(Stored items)
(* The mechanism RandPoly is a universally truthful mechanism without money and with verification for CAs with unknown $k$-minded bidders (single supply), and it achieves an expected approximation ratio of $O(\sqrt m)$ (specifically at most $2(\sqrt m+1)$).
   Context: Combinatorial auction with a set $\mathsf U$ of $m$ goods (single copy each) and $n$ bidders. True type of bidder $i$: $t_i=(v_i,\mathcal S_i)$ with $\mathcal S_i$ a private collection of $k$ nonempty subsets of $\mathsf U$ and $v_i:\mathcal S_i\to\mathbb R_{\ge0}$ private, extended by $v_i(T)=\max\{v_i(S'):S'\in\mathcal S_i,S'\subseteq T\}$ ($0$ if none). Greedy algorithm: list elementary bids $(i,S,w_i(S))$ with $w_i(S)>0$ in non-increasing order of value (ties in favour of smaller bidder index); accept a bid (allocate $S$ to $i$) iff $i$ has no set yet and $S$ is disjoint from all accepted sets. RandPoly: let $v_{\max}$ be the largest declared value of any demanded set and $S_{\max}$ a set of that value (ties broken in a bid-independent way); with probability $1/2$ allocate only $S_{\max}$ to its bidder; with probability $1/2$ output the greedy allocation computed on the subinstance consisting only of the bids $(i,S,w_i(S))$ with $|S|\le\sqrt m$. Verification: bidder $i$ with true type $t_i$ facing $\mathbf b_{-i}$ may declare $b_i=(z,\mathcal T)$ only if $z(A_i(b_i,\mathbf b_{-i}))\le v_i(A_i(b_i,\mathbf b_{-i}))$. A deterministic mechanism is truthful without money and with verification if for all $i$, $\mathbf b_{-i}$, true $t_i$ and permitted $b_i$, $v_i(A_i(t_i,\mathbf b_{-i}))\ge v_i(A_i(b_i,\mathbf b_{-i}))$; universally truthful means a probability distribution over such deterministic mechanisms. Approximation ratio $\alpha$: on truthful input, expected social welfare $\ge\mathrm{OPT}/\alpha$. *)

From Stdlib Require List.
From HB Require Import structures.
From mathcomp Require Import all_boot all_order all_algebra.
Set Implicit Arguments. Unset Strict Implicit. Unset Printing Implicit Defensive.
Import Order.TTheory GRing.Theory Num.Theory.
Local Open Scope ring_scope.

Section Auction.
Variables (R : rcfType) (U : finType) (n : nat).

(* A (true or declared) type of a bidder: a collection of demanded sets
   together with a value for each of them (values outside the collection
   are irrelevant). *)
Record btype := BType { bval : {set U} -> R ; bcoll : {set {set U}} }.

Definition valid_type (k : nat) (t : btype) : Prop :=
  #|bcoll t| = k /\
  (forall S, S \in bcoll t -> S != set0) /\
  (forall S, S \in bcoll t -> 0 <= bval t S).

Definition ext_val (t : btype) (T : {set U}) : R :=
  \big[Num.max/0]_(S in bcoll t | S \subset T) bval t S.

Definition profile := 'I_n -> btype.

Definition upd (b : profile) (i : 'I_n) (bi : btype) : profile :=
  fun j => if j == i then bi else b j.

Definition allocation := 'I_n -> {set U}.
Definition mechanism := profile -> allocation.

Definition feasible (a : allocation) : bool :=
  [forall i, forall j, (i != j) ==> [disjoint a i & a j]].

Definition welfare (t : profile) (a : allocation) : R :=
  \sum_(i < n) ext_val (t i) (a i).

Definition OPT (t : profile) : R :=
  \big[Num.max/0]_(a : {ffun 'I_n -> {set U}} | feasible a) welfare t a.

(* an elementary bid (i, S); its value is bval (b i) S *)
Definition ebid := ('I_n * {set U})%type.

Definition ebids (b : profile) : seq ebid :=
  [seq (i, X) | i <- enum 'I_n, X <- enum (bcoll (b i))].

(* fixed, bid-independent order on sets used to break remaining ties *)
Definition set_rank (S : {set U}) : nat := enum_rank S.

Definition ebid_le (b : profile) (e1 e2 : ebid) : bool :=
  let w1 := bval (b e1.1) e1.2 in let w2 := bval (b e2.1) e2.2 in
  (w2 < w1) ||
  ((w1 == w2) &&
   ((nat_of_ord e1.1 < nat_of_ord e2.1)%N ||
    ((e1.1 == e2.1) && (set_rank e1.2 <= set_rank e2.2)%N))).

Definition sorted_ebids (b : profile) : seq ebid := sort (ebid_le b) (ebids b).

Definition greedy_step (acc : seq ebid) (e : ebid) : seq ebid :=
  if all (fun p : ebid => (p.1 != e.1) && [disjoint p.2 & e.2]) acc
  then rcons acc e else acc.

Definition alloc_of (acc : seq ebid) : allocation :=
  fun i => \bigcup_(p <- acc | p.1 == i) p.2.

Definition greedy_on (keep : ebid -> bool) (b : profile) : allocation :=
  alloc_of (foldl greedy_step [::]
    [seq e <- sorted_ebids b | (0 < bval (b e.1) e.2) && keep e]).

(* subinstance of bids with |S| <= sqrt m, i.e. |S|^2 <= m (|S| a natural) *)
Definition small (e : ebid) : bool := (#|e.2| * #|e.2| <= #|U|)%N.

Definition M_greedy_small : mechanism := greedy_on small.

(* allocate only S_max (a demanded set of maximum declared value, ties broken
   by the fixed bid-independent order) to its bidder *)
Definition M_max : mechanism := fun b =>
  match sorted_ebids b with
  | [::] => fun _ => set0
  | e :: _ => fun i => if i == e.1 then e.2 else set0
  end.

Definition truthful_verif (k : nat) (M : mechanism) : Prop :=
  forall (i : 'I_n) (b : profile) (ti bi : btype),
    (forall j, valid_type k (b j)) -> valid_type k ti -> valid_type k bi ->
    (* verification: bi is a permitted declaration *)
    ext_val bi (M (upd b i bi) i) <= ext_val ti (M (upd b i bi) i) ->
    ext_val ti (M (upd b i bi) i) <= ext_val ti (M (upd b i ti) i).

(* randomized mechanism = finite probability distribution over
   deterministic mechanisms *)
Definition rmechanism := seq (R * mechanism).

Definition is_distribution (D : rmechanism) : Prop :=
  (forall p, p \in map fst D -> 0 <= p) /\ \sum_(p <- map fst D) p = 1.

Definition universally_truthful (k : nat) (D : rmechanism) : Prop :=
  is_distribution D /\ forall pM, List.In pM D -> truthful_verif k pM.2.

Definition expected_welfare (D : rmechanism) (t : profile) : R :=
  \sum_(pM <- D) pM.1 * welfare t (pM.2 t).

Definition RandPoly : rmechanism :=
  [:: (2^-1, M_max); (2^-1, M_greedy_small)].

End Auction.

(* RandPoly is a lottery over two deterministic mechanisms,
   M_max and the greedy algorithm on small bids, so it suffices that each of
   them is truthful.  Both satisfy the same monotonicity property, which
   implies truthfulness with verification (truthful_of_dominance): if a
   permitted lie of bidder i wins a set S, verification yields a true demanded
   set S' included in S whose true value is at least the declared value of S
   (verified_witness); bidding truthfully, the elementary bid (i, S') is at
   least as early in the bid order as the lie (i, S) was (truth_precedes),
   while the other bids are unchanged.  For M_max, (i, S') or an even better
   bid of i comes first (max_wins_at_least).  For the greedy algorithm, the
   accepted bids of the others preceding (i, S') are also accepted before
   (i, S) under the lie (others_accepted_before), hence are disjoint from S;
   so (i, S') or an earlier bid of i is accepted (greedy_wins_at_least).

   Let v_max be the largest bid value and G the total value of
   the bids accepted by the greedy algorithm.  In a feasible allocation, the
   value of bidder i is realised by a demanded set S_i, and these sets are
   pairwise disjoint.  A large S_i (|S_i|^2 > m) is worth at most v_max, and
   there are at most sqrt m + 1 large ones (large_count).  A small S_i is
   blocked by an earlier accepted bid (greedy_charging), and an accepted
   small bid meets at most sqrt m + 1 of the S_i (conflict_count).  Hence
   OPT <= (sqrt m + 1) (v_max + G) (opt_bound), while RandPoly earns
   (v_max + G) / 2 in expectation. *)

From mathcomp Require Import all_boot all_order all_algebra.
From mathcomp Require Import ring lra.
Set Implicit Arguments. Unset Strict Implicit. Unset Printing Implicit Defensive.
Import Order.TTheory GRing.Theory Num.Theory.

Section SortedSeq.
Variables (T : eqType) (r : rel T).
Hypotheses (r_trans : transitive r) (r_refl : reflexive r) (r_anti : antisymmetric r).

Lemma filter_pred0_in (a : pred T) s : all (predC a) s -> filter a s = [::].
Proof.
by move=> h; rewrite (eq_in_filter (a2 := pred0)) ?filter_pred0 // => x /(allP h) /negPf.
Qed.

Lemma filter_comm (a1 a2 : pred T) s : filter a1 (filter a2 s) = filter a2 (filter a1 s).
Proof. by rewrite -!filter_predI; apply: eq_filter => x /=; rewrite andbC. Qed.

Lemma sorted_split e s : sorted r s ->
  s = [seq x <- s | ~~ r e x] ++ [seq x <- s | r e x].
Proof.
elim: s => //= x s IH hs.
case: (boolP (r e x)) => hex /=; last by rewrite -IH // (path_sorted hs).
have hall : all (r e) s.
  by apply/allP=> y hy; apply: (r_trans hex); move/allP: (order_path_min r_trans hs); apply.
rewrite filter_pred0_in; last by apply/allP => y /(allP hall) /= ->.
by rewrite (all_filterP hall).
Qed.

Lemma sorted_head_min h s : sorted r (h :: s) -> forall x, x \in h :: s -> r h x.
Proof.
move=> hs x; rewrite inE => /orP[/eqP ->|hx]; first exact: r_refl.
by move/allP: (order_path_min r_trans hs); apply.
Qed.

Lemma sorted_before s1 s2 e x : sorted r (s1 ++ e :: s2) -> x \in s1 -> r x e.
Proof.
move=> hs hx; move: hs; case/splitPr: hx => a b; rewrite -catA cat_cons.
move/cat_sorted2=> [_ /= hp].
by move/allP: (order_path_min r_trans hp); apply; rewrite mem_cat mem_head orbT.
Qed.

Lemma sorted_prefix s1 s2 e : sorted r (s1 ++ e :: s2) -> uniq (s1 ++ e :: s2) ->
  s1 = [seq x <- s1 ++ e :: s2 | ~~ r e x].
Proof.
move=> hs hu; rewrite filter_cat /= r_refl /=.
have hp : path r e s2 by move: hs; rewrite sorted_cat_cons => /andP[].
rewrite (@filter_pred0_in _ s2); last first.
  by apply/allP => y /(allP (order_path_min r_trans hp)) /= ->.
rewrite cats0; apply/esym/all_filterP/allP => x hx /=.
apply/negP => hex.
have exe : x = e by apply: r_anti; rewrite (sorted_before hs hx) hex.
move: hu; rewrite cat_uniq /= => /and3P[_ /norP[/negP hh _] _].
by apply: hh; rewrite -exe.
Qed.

*Work instructions*. Lines from the entries that contain the string "have" must be found and copied.

*Expected output*.
have hall : all (r e) s.
have hp : path r e s2 by move: hs; rewrite sorted_cat_cons => /andP[].
have exe : x = e by apply: r_anti; rewrite (sorted_before hs hx) hex.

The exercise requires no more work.